Start of Block

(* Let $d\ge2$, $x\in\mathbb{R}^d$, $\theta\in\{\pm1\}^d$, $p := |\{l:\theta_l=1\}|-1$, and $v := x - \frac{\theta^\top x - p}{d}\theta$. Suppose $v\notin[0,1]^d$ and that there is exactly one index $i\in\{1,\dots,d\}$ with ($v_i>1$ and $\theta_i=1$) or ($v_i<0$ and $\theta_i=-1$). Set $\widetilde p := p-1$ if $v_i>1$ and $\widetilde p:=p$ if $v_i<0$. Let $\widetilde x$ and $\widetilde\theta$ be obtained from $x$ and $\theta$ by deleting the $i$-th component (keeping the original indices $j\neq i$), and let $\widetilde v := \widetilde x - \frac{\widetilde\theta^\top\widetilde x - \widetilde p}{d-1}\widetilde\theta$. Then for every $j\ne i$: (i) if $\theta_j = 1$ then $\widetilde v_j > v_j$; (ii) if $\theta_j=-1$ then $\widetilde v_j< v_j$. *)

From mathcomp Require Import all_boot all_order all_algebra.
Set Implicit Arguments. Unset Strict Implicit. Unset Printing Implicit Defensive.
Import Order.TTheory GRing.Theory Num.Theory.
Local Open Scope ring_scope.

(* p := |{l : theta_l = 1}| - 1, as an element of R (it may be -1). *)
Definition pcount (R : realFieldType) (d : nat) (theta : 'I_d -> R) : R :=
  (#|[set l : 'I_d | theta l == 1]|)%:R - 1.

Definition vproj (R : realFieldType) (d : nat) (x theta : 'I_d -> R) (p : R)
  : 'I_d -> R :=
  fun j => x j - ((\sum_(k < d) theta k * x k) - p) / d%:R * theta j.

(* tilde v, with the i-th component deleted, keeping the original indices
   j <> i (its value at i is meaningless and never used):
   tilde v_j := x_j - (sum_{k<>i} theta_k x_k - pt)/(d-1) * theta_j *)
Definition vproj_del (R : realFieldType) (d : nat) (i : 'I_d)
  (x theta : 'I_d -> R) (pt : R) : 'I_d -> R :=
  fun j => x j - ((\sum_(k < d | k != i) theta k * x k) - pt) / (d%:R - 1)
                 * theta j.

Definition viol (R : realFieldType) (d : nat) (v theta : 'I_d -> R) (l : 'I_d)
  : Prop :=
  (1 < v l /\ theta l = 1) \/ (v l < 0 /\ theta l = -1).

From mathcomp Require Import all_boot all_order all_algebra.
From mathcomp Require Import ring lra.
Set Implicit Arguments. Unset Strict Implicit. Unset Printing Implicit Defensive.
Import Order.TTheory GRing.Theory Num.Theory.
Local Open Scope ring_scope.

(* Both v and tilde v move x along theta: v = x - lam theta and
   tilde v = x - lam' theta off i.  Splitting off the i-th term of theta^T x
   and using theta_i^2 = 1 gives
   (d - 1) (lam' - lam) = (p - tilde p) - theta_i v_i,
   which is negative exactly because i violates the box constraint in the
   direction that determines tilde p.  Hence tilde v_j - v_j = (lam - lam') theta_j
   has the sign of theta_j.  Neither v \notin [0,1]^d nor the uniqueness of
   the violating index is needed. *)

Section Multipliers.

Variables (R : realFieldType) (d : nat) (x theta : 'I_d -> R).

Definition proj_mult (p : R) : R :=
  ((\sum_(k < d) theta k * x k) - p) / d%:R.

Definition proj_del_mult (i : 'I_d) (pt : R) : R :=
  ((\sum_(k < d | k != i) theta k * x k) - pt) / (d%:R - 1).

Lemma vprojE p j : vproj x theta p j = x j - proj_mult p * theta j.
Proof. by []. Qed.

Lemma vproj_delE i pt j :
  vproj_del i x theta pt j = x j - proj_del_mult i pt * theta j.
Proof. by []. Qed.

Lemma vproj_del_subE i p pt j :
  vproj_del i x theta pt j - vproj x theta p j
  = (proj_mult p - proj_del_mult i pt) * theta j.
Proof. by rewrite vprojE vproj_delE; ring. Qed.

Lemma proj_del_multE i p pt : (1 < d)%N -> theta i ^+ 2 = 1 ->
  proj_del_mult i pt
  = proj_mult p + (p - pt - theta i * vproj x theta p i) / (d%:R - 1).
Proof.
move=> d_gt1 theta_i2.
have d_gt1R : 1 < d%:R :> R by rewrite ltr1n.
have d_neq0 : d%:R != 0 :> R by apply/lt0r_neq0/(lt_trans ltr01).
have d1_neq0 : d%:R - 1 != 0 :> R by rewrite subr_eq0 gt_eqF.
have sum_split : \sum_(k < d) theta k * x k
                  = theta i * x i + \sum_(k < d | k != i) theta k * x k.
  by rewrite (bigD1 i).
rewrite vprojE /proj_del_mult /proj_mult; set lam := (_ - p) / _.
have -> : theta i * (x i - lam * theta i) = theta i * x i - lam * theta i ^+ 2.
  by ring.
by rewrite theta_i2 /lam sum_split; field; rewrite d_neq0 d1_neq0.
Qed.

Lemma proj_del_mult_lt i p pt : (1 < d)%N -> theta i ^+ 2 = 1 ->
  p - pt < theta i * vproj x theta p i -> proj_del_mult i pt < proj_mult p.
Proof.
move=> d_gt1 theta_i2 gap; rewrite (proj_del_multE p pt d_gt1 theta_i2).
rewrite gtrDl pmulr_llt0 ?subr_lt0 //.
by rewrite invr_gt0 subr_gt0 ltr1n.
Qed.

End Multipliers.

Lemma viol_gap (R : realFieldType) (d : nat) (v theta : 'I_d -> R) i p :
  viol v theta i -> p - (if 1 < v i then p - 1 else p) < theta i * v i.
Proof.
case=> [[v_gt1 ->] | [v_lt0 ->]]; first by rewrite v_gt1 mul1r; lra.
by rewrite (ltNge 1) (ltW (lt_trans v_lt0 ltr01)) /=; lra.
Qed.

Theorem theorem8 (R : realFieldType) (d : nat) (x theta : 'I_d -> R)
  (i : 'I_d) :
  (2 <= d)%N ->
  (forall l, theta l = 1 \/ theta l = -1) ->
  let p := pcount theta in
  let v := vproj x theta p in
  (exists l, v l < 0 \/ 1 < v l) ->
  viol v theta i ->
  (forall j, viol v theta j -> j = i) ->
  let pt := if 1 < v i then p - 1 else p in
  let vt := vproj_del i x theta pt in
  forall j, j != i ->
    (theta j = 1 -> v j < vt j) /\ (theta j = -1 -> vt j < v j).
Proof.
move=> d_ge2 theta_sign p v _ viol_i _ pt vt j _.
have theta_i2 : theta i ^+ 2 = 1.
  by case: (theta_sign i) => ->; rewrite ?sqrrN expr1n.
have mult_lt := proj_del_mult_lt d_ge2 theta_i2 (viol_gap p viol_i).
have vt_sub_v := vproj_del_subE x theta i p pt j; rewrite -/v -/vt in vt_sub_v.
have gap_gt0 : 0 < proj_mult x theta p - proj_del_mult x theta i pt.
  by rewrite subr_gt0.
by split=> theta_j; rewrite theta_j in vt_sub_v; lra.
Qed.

End of Block

◆ Task details:
Using the data above, repeat exactly the lines that begin at the line with "Definition vproj_del (R" and end at the line with "(1 < v l /\ theta", both ends included.

◆ Output:
Definition vproj_del (R : realFieldType) (d : nat) (i : 'I_d)
  (x theta : 'I_d -> R) (pt : R) : 'I_d -> R :=
  fun j => x j - ((\sum_(k < d | k != i) theta k * x k) - pt) / (d%:R - 1)
                 * theta j.

Definition viol (R : realFieldType) (d : nat) (v theta : 'I_d -> R) (l : 'I_d)
  : Prop :=
  (1 < v l /\ theta l = 1) \/ (v l < 0 /\ theta l = -1).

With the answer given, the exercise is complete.